Jonathan Parshall and Anthony Tully add yet another volume to the long list of books on the historic encounter at Midway. While most of their predecessors have fallen into the same mold—looking at the battle from the American vantage only—Parshall and Tully break new ground in bringing the Japanese perspective into the picture.

The authors make no bones about it up front. They correctly claim that most American accounts use the same sources to look at the battle from the Japanese vantage point, mainly Fuchida Mitsuo and Okumiya Masatake's 1955 Midway: The Battle that Doomed Japan. The authors contend that this is an immense error, for Fuchida's book has long been dismissed by Japanese scholars and military accounts. Only in the United States has Fuchida been universally accepted.

The authors state that their book attempts to do three things—present the battle from the Japanese side, study it almost exclusively from an aircraft carrier viewpoint, and point out the errors and exaggerations in a group of myths that have surrounded the battle. The authors succeed in all three goals.

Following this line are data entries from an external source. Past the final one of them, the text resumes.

(* Let $n>1$ and consider the undirected cycle $C_{2n}$ with vertices $v_1,\dots,v_n,w_1,\dots,w_n$, where $v_i$ is adjacent to $w_i$ and $w_{i-1}$ (indices of $w$ modulo $n$, so $v_1$ is adjacent to $w_1$ and $w_n$). Let $x_i,y_i\in[3]$ denote the hat colours of $v_i,w_i$, all arithmetic modulo $3$. Define guessing functions $f_i$ for $v_i$ and $g_i$ for $w_i$ by: for $i\ne1$, $f_i(y_{i-1},y_i)=y_i-1$ if $y_i\ne y_{i-1}+1$ and $f_i=y_i+1$ if $y_i=y_{i-1}+1$; $f_1(y_n,y_1)=y_1-1$ if $y_1\ne y_n-1$ and $f_1=y_1+1$ if $y_1=y_n-1$; for $i\ne n$, $g_i(x_i,x_{i+1})=x_i$ if $x_i\ne x_{i+1}+1$ and $g_i=x_i-1$ if $x_i=x_{i+1}+1$; $g_n(x_n,x_1)=x_n$ if $x_n\ne x_1$ and $g_n=x_n-1$ if $x_n=x_1$. Call a configuration $(x,y)\in[3]^n\times[3]^n$ bad if $f_i\ne x_i$ and $g_i\ne y_i$ for all $i$. Then: (a) if $n\equiv 0\pmod 3$ there is no bad configuration; in particular $C_{2n}$ is $3$-solvable; (b) if $n\equiv1\pmod3$ the bad configurations are exactly those with $x_i=y_i=a-(i-1)$ for all $i=1,\dots,n$, for some $a\in[3]$; (c) if $n\equiv2\pmod3$ the bad configurations are exactly those with $y_i=a+(i-1)$ and $x_i=a+(i-2)$ for all $i=1,\dots,n$, for some $a\in[3]$.
   Context: An undirected graph is identified with the directed graph having both arcs for each edge; $N^-(v)$ is the set of neighbours of $v$. For $q\ge2$ let $[q]=\{0,\dots,q-1\}$. A $D$-function over $[q]$ is a map $f=(f_v)_{v\in V}:[q]^V\to[q]^V$ with each $f_v(x)$ depending only on $(x_u)_{u\in N^-(v)}$. $D$ is $q$-solvable if some $D$-function $f$ over $[q]$ has the property that for every $x\in[q]^V$ there is $v$ with $f_v(x)=x_v$. *)

From HB Require Import structures.
From mathcomp Require Import all_boot all_order all_algebra.
Set Implicit Arguments. Unset Strict Implicit. Unset Printing Implicit Defensive.
Import GRing.Theory.

(* A (di)graph on a finite vertex set V is a relation D : rel V, where
   D u v means there is an arc u -> v; N^-(v) = [pred u | D u v].
   The colour set [q] = {0,...,q-1} is 'I_q. *)

Definition depends_only_on_inneighbours (V : finType) (D : rel V) (q : nat)
  (F : (V -> 'I_q) -> 'I_q) (v : V) : Prop :=
  forall x x' : V -> 'I_q, (forall u, D u v -> x u = x' u) -> F x = F x'.

Definition D_function (V : finType) (D : rel V) (q : nat)
  (f : (V -> 'I_q) -> V -> 'I_q) : Prop :=
  forall v, depends_only_on_inneighbours D (fun x => f x v) v.

Definition q_solvable (V : finType) (D : rel V) (q : nat) : Prop :=
  exists f : (V -> 'I_q) -> V -> 'I_q,
    D_function D f /\ forall x : V -> 'I_q, exists v, f x v = x v.

(* Vertices: inl i = v_{i+1}, inr j = w_{j+1} (0-based indices).
   v_i ~ w_i and v_i ~ w_{i-1} (w-indices mod n). Undirected: both arcs. *)
Definition cycle_vw_adj (n : nat) (i j : 'I_n) : bool :=
  (val j == val i) || ((val j).+1 %% n == val i).

Definition cycle_adj (n : nat) : rel ('I_n + 'I_n) :=
  fun a b => match a, b with
             | inl i, inr j => cycle_vw_adj i j
             | inr j, inl i => cycle_vw_adj i j
             | _, _ => false
             end.

Local Open Scope ring_scope.

(* guess of v_{i+1}, from y_i (= paper's y_{i-1}, cyclically) and y_{i+1} *)
Definition fguess (n : nat) (y : 'I_n -> 'Z_3) (i : 'I_n) : 'Z_3 :=
  let yp := y (ord_pred i) in
  if val i == 0%N then (if y i != yp - 1 then y i - 1 else y i + 1)
  else (if y i != yp + 1 then y i - 1 else y i + 1).

(* guess of w_{i+1}, from x_{i+1} and x_{i+2} (cyclically) *)
Definition gguess (n : nat) (x : 'I_n -> 'Z_3) (i : 'I_n) : 'Z_3 :=
  let xs := x (ordS i) in
  if val i == n.-1 then (if x i != xs then x i else x i - 1)
  else (if x i != xs + 1 then x i else x i - 1).

Definition bad_config (n : nat) (x y : 'I_n -> 'Z_3) : Prop :=
  forall i : 'I_n, fguess y i != x i /\ gguess x i != y i.

Arguments cycle_adj n : clear implicits.
Arguments q_solvable [V] D q.

From HB Require Import structures.
From mathcomp Require Import all_boot all_order all_algebra.
From Stdlib Require Import Lia.
From mathcomp Require Import zify.
Import GRing.Theory.
Local Open Scope ring_scope.

(* Number the vertices v_1 w_1 v_2 w_2 ... v_n w_n around the cycle.  For a
   configuration (x, y) the guesses of w_k and v_{k+1} depend only on the
   colours of the "link" (x_k, y_k) -> (x_{k+1}, y_{k+1}); the configuration is
   bad iff every one of the n links is bad.  There are n - 1 inner links and
   one wrap-around link (w_n, v_1), which uses the modified rules.

   A finite check over 'Z_3 shows that along any bad link the difference
   d_k = y_k - x_k never increases for a suitable ranking of 'Z_3, and if it
   stays the same then x advances by a fixed step depending on d.  Around the
   cycle the rank must therefore be constant, so d_k = c and x_k = x_1 + k s(c)
   for a constant c; the wrap link then imposes (n - 1) s(c) + s'(c) = 0, which
   forces c <> 2 and n = c + 1 in 'Z_3.  Conversely every such progression is
   bad (bad_configP).  The three residues of n mod 3 give the three parts of
   the theorem, and the absence of bad configurations for 3 | n gives
   3-solvability since the strategy is a D-function of the cycle. *)

(* The guessing rules: g_inner/f_inner are used by w_k (k <> n) and v_{k+1}
   (k+1 <> 1); g_wrap/f_wrap by w_n and v_1.  Arguments follow the link. *)
Definition g_inner (x x' : 'Z_3) : 'Z_3 := if x != x' + 1 then x else x - 1.
Definition f_inner (yp y : 'Z_3) : 'Z_3 := if y != yp + 1 then y - 1 else y + 1.
Definition g_wrap (x x' : 'Z_3) : 'Z_3 := if x != x' then x else x - 1.
Definition f_wrap (yp y : 'Z_3) : 'Z_3 := if y != yp - 1 then y - 1 else y + 1.

Definition inner_link (x y x' y' : 'Z_3) : bool :=
  (g_inner x x' != y) && (f_inner y y' != x').
Definition wrap_link (x y x' y' : 'Z_3) : bool :=
  (g_wrap x x' != y) && (f_wrap y y' != x').

(* The ranking of the difference y - x that decreases along bad links, and
   the steps of x along bad links (inner, resp. wrap-around) that keep the
   difference constant. *)
Definition drank (d : 'Z_3) : nat := if d == 0 then 0 else if d == 1 then 2 else 1.
Definition step (d : 'Z_3) : 'Z_3 := if d == 0 then -1 else if d == 1 then 1 else 0.
Definition wrap_step (d : 'Z_3) : 'Z_3 := if d == 0 then 0 else if d == 1 then -1 else 1.

Ltac case_Z3 c := case: c => [[|[|[|?]]] ?].

Lemma inner_link_table {x y x' y' : 'Z_3} : inner_link x y x' y' ->
  leq (drank (y' - x')) (drank (y - x)) && ((y' - x' == y - x) ==> (x' == x + step (y - x))).
Proof. by case_Z3 x; case_Z3 y; case_Z3 x'; case_Z3 y'. Qed.

Lemma wrap_link_table {x y x' y' : 'Z_3} : wrap_link x y x' y' ->
  leq (drank (y' - x')) (drank (y - x)) && ((y' - x' == y - x) ==> (x' == x + wrap_step (y - x))).
Proof. by case_Z3 x; case_Z3 y; case_Z3 x'; case_Z3 y'. Qed.

Lemma drank_inj : injective drank.
Proof. by move=> a b h; apply/eqP; move: h; case_Z3 a; case_Z3 b. Qed.

(* The closing equation (l steps followed by a wrap step return x to its
   start) has solutions only for c <> 2, and then l + 1 = c + 1 in 'Z_3. *)
Lemma closure_solution {c : 'Z_3} {l : nat} :
  step c *+ l + wrap_step c = 0 -> c != 2 /\ l.+1%:R = c + 1.
Proof.
rewrite -(mulr_natl (step c)) -[l.+1%:R]natr1; move: (l%:R : 'Z_3) => r.
have : (r * step c + wrap_step c == 0) ==> (c != 2) && (r + 1 == c + 1).
  by case_Z3 c; case_Z3 r.
move=> /implyP solve /eqP zero.
by case/andP: (solve zero) => c_not_2 /eqP.
Qed.

Lemma inner_link_progression (c u : 'Z_3) : c != 2 ->
  inner_link u (u + c) (u + step c) (u + step c + c).
Proof. by case_Z3 c; case_Z3 u. Qed.

Lemma wrap_link_progression (c a : 'Z_3) : c != 2 ->
  wrap_link (a + c * step c) (a + c * step c + c) a (a + c).
Proof. by case_Z3 c; case_Z3 a. Qed.

Lemma nonincreasing_cycle_const (r : nat -> nat) (l : nat) :
  (forall k, (k < l)%N -> (r k.+1 <= r k)%N) -> (r 0 <= r l)%N ->
  forall k, (k <= l)%N -> r k = r 0.
Proof.
move=> decr wrap.
have mono j k : (k <= j <= l)%N -> (r j <= r k)%N.
  elim: j => [|j IH] /andP[kj jl]; first by have -> : k = 0%N by lia.
  have [->|kSj] := eqVneq k j.+1; first by [].
  apply: leq_trans (decr j _) (IH _); lia.
move=> k kl; apply/eqP; rewrite eqn_leq mono /=; last by rewrite kl.
by apply: leq_trans wrap (mono l k _); rewrite kl /=.
Qed.

Lemma arith_progression (V : zmodType) (u : nat -> V) (s : V) (l : nat) :
  (forall k, (k < l)%N -> u k.+1 = u k + s) ->
  forall k, (k <= l)%N -> u k = u 0 + s *+ k.
Proof.
move=> incr; elim=> [|k IH] kl; first by rewrite addr0.
by rewrite incr // IH 1?ltnW // mulrSr addrA.
Qed.

Definition guess_strategy (n : nat) (z : 'I_n + 'I_n -> 'I_3) (v : 'I_n + 'I_n) : 'I_3 :=
  match v with
  | inl i => fguess (fun j => z (inr j)) i
  | inr j => gguess (fun i => z (inl i)) j
  end.

(* v_{i+1} looks at w_i and w_{i+1}, and w_{i+1} at v_{i+1} and v_{i+2}: all
   neighbours in the cycle. *)
Lemma guess_strategy_D_function (n : nat) : D_function (cycle_adj n) (guess_strategy n).
Proof.
move=> [i|j] z z' same /=.
- rewrite /fguess (same (inr i)); last by rewrite /= /cycle_vw_adj eqxx.
  rewrite (same (inr (ord_pred i))) // /= /cycle_vw_adj.
  by have /= -> := congr1 val (ord_predK i); rewrite eqxx orbT.
- rewrite /gguess (same (inl j)); last by rewrite /= /cycle_vw_adj eqxx.
  by rewrite (same (inl (ordS j))) // /= /cycle_vw_adj eqxx orbT.
Qed.

Lemma solvable_of_no_bad (n : nat) :
  (forall x y : 'I_n -> 'Z_3, ~ bad_config x y) -> q_solvable (cycle_adj n) 3.
Proof.
move=> no_bad; exists (guess_strategy n); split; first exact: guess_strategy_D_function.
move=> z; case: (pickP (fun v => guess_strategy n z v == z v)) => [v /eqP | wrong].
  by exists v.
case: (no_bad (fun i => z (inl i)) (fun j => z (inr j))) => i.
by split; apply/negP => /eqP guessed; [move: (wrong (inl i)) | move: (wrong (inr i))];
  rewrite /= guessed eqxx.
Qed.

Section Cycle.
Variable m : nat.
Local Notation n := m.+2.
Implicit Types x y : 'I_n -> 'Z_3.

Lemma ordS_inord k : (k < m.+1)%N -> ordS (inord k : 'I_n) = inord k.+1.
Proof. by move=> km; apply: val_inj; rewrite /= !inordK ?modn_small //; lia. Qed.

Lemma ord_pred_inord k : (k < m.+1)%N -> ord_pred (inord k.+1 : 'I_n) = inord k.
Proof. by move=> km; rewrite -ordS_inord // ordSK. Qed.

Lemma ordS_last : ordS (inord m.+1 : 'I_n) = inord 0.
Proof. by apply: val_inj; rewrite /= !inordK // modnn. Qed.

Lemma ord_pred_first : ord_pred (inord 0 : 'I_n) = inord m.+1.
Proof. by rewrite -ordS_last ordSK. Qed.

Lemma fguess_inner y k : (k < m.+1)%N ->
  fguess y (inord k.+1) = f_inner (y (inord k)) (y (inord k.+1)).
Proof. by move=> km; rewrite /fguess /= ord_pred_inord // inordK. Qed.

Lemma fguess_first y : fguess y (inord 0) = f_wrap (y (inord m.+1)) (y (inord 0)).
Proof. by rewrite /fguess /= ord_pred_first inordK. Qed.

Lemma gguess_inner x k : (k < m.+1)%N ->
  gguess x (inord k) = g_inner (x (inord k)) (x (inord k.+1)).
Proof. by move=> km; rewrite /gguess /= ordS_inord // inordK ?(ltn_eqF km) //; lia. Qed.

Lemma gguess_last x : gguess x (inord m.+1) = g_wrap (x (inord m.+1)) (x (inord 0)).
Proof. by rewrite /gguess /= ordS_last inordK // eqxx. Qed.

Lemma bad_config_links x y :
  bad_config x y <->
  (forall k, (k < m.+1)%N ->
     inner_link (x (inord k)) (y (inord k)) (x (inord k.+1)) (y (inord k.+1)))
  /\ wrap_link (x (inord m.+1)) (y (inord m.+1)) (x (inord 0)) (y (inord 0)).
Proof.
split=> [bad | [inner wrap] i].
- split=> [k km|].
  + have [_ g_wrong] := bad (inord k); have [f_wrong _] := bad (inord k.+1).
    by rewrite gguess_inner // in g_wrong; rewrite fguess_inner // in f_wrong; apply/andP.
  + have [_ g_wrong] := bad (inord m.+1); have [f_wrong _] := bad (inord 0).
    by rewrite gguess_last in g_wrong; rewrite fguess_first in f_wrong; apply/andP.
- rewrite -(inord_val i); have im := ltn_ord i; split.
  + case: (nat_of_ord i) im => [_|k km]; first by rewrite fguess_first; case/andP: wrap.
    by rewrite fguess_inner //; case/andP: (inner k km).
  + have [->|i_not_last] := eqVneq (nat_of_ord i) m.+1.
      by rewrite gguess_last; case/andP: wrap.
    have km : (i < m.+1)%N by lia.
    by rewrite gguess_inner //; case/andP: (inner _ km).
Qed.

Lemma bad_config_progression x y : bad_config x y ->
  exists c, [/\ c != 2, n%:R = c + 1 &
    forall k, (k < n)%N -> y (inord k) = x (inord k) + c /\ x (inord k) = x (inord 0) + step c *+ k].
Proof.
move=> /bad_config_links [inner wrap].
pose X k := x (inord k); pose D k := y (inord k) - X k.
have D_const k : (k < n)%N -> D k = D 0.
  move=> kn; apply: drank_inj.
  apply: (@nonincreasing_cycle_const (drank \o D) m.+1) => [j jm||]; last by [].
    by case/andP: (inner_link_table (inner j jm)).
  by case/andP: (wrap_link_table wrap).
have X_prog : forall k, (k <= m.+1)%N -> X k = X 0 + step (D 0) *+ k.
  apply: arith_progression => k km.
  case/andP: (inner_link_table (inner k km)) => _ /implyP.
  by rewrite -/(X k) -/(D k) -/(D k.+1) (D_const k.+1) // (D_const k (ltnW km)) => /(_ (eqxx _)) /eqP.
have closing : step (D 0) *+ m.+1 + wrap_step (D 0) = 0.
  case/andP: (wrap_link_table wrap) => _ /implyP.
  rewrite -/(X 0) -/(D 0) -/(D m.+1) D_const // => /(_ (eqxx _)) /eqP.
  by rewrite -/(X m.+1) (X_prog m.+1) // -addrA -{1}[X 0]addr0 => /addrI /esym.
have [c_not_2 nE] := closure_solution closing.
exists (D 0); split=> // k kn; split; last exact: X_prog.
by rewrite -(D_const k kn) /D addrC subrK.
Qed.

Lemma bad_configP x y :
  bad_config x y <->
  exists a c, [/\ c != 2, n%:R = c + 1 &
    forall i : 'I_n, y i = x i + c /\ x i = a + step c *+ val i].
Proof.
split=> [/bad_config_progression [c [c_not_2 nE prog]] | [a [c [c_not_2 nE prog]]]].
  exists (x (inord 0)), c; split=> // i.
  by have := prog i (ltn_ord i); rewrite inord_val.
have m1E : (m.+1)%:R = c by apply: (addIr 1); rewrite natr1.
apply/bad_config_links; split=> [k km|].
  have [-> ->] := prog (inord k); have [-> ->] := prog (inord k.+1).
  have kn : (k < n)%N := ltnW km.
  rewrite /= !inordK // mulrSr addrA.
  exact: inner_link_progression.
have [-> ->] := prog (inord m.+1); have [-> ->] := prog (inord 0).
rewrite /= !inordK // mulr0n addr0 -mulr_natl m1E.
exact: wrap_link_progression.
Qed.
End Cycle.

(* n = 0 mod 3: no c fits; n = 1: c = 0, x = y = a - i; n = 2: c = 1,
   y = x + 1 = a + i (after shifting a). *)
Theorem theorem16 (n : nat) (hn : (1 < n)%N) :
  ((n %% 3 = 0)%N ->
     (forall x y : 'I_n -> 'Z_3, ~ bad_config x y) /\ q_solvable (cycle_adj n) 3)
  /\
  ((n %% 3 = 1)%N ->
     forall x y : 'I_n -> 'Z_3,
       bad_config x y <->
       exists a : 'Z_3, forall i : 'I_n,
         x i = a - (val i)%:R /\ y i = a - (val i)%:R)
  /\
  ((n %% 3 = 2)%N ->
     forall x y : 'I_n -> 'Z_3,
       bad_config x y <->
       exists a : 'Z_3, forall i : 'I_n,
         y i = a + (val i)%:R /\ x i = a + (val i)%:R - 1).
Proof.
case: n hn => [|[|m]] // _.
have nE : (m.+2)%:R = ((m.+2 %% 3)%:R : 'Z_3) by rewrite Zp_nat_mod.
split; [|split] => [n0 | n1 x y | n2 x y].
- suff no_bad : forall x y : 'I_m.+2 -> 'Z_3, ~ bad_config x y.
    by split=> //; apply: solvable_of_no_bad.
  move=> x y /bad_configP [a [c []]]; rewrite nE n0 => + /eqP; by case_Z3 c.
- rewrite bad_configP nE n1; split=> [[a [c [_ /eqP c0 prog]]] | [a prog]].
    have {}c0 : c = 0 by apply/eqP; move: c0; clear prog; case_Z3 c.
    exists a => i; have [-> ->] := prog i.
    by rewrite c0 addr0 /step eqxx mulNrn.
  exists a, 0; rewrite add0r; split=> // i; have [-> ->] := prog i.
  by rewrite addr0 /step eqxx mulNrn.
- rewrite bad_configP nE n2; split=> [[a [c [_ /eqP c1 prog]]] | [a prog]].
    have {}c1 : c = 1 by apply/eqP; move: c1; clear prog; case_Z3 c.
    exists (a + 1) => i; have [-> ->] := prog i.
    by rewrite c1 /step /=; split; [exact: addrAC | rewrite addrAC addrK].
  exists (a - 1), 1; split=> // i; have [-> ->] := prog i.
  by rewrite /step /= subrK addrAC.
Qed.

Certainly, this book is the first to so heavily rely on Japanese documentation for the Battle of Midway, including Imperial Navy studies that have never been used before. Other historians have dabbled in this area, but Parshall and Tully appropriately and bravely plunge head first into Japanese documentation.

They also view the battle as if standing on the bridge of one of the Japanese aircraft carriers, which both helps and hurts. It better illuminates the Japanese experience, both in terms of officer judgments and survivor experiences, but it tends to excessively downplay the American role. For instance, Adm. Raymond A. Spruance, the American commander at Midway, played a crucial part in the battle's outcome, yet the authors fail to include Thomas Buell's landmark biography of Spruance in their bibliography. A small point, perhaps, as the authors' main objective is to present the Japanese side, but Spruance's decisions played a prominent role in what happened to the Japanese.

On the final goal—debunking myths that have arisen—the authors persuasively argue their cases. As an example, they point out that the Aleutian operation was not part of the Midway assault, but an offensive thrust of its [End Page 537] own. Had the Aleutian attack been meant to support Midway by trying to draw American forces out of Pearl Harbor, the operation would have begun sooner than one day before Midway, to give the American fleet time to react. Rather than an adjunct to Midway, the Aleutian operation was yet another example of how the Japanese became overstretched in the heady days following Pearl Harbor and attempted to seize more than they could handle.

The authors have produced a superb volume. While based on solid research and extensive documentation, it is written so clearly that it will appeal to a general audience. Its chief value lies in the impetus it will hopefully give historians to be more vigorous in examining Japanese sources, whether about Midway or any other Pacific operation. If so, their book may lead to extensive reinterpretations of key incidents.